Government to announce next steps in supermarket reform

9:14 am on 24 August 2022

The government will make a further announcement on supermarket reform this afternoon.

Higher prices for fruit, yoghurt and chicken pushed up food prices in December.

Higher prices for fruit, yoghurt and chicken pushed up food prices in December. Photo: 123rf

RNZ understands it will be around requiring Countdown and Foodstuffs to open their wholesale operations to smaller rivals.

In March, the Commerce Commission made a number of recommendations after investigating the sector.

It called for improvements to be made to the wholesale supply of a range of groceries at competitive prices, by requiring the major retailers to consider any requests they receive to supply competitors.

Since then the government has announced plans to introduce a code of conduct, which Commerce and Consumer Affairs Minister David Clark said would be aimed at "preventing the major retailers from using their power to push cost and risk on to suppliers".

Labour MP David Clark

Commerce and Consumer Affairs Minister David Clark Photo: RNZ / Angus Dreaver

It established a Grocery Commissioner who will have the ability to fine supermarkets that breach it.

Consumer NZ chief executive Jon Duffy said the government had signalled that the main supermarket chains should open up wholesale operations voluntarily.

"We don't really know what's in the announcement yet but I'd anticipate that there are some clear signals to the supermarket sector that if change isn't made voluntarily then it will be forced upon the sector," he told Morning Report.

"We're seeing the supermarkets move to lower prices on certain goods to help with the cost of living and that's really good, but it's a temporary fix and it's not structural."

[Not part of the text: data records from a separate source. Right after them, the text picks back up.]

(* For every metric space $X$, either $h_\infty(X)=0$ or $h_\infty(X)=\infty$. Consequently the coarse entropy of any isometric embedding $f\colon X\to X$ is either $0$ or $\infty$.
   Context: For a map $f\colon X\to X$ on a metric space $(X,d)$, $\delta>0$, $n\in\mathbb N$, $x_0\in X$: a $\delta$-pseudoorbit of $f$ of length $n$ from $x_0$ is $(x_0,\dots,x_n)$ with $d(f(x_i),x_{i+1})\le\delta$ for all $i<n$; $P(f,n,\delta,x_0)$ is the set of these with distance $\max_i d(x_i,y_i)$; $s(f,n,R,\delta,x_0)$ is the supremum of cardinalities of $R$-separated subsets (distinct elements at distance $\ge R$) of $P(f,n,\delta,x_0)$; $h_\infty(f)=\lim_{\delta\to\infty}\lim_{R\to\infty}\limsup_{n\to\infty}\frac1n\log s(f,n,R,\delta,x_0)\in[0,\infty]$, independent of $x_0$. The coarse entropy of the space is $h_\infty(X)=h_\infty(\mathrm{id}_X)$, which equals $h_\infty(f)$ for every isometric embedding $f\colon X\to X$. *)

From HB Require Import structures.
From mathcomp Require Import all_boot all_order all_algebra.
From mathcomp Require Import all_classical all_reals all_analysis.
Set Implicit Arguments. Unset Strict Implicit. Unset Printing Implicit Defensive.
Import Order.TTheory GRing.Theory Num.Theory.
Local Open Scope classical_set_scope.
Local Open Scope ring_scope.

Definition is_metric (R : realType) (X : Type) (d : X -> X -> R) : Prop :=
  (forall x y, 0 <= d x y) /\
  (forall x y, d x y = 0 <-> x = y) /\
  (forall x y, d x y = d y x) /\
  (forall x y z, d x z <= d x y + d y z).

(* (x_0,...,x_n) is represented by a sequence x : nat -> X, of which only
   the entries x 0, ..., x n matter. *)
Definition pseudo_orbit (R : realType) (X : Type) (d : X -> X -> R)
  (f : X -> X) (n : nat) (delta : R) (x0 : X) (x : nat -> X) : Prop :=
  x 0%N = x0 /\ forall i, (i < n)%N -> d (f (x i)) (x i.+1) <= delta.

Definition orbit_dist (R : realType) (X : Type) (d : X -> X -> R) (n : nat)
  (x y : nat -> X) : R :=
  \big[Num.max/0]_(i < n.+1) d (x i) (y i).

Definition same_tuple (X : Type) (n : nat) (x y : nat -> X) : Prop :=
  forall i, (i <= n)%N -> x i = y i.

(* k is the cardinality of some R-separated subset of P(f,n,delta,x0):
   there are k pairwise distinct pseudo-orbits at mutual distance >= Rsep. *)
Definition has_separated_set (R : realType) (X : Type) (d : X -> X -> R)
  (f : X -> X) (n : nat) (Rsep delta : R) (x0 : X) (k : nat) : Prop :=
  exists orb : nat -> nat -> X,
    (forall j, (j < k)%N -> pseudo_orbit d f n delta x0 (orb j)) /\
    (forall j j', (j < k)%N -> (j' < k)%N -> j <> j' ->
        ~ same_tuple n (orb j) (orb j') /\ Rsep <= orbit_dist d n (orb j) (orb j')).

Opening up wholesale supplies would give potential new entrants or small players that wanted to expand the certainty that they could able to stock their shelves, he said.

"At the moment, because the duopoly has wholesale supply all tied up in their own businesses, it's very difficult for a new entrant to come in at the retail level because they also have to bring all of the wholesaling and all of the distribution with them, which is a pretty gargantuan task."

The Commerce Commission also recommended in its March report that more land be made available for new grocery stores, by making changes to planning laws and banning the use of restrictive land covenants.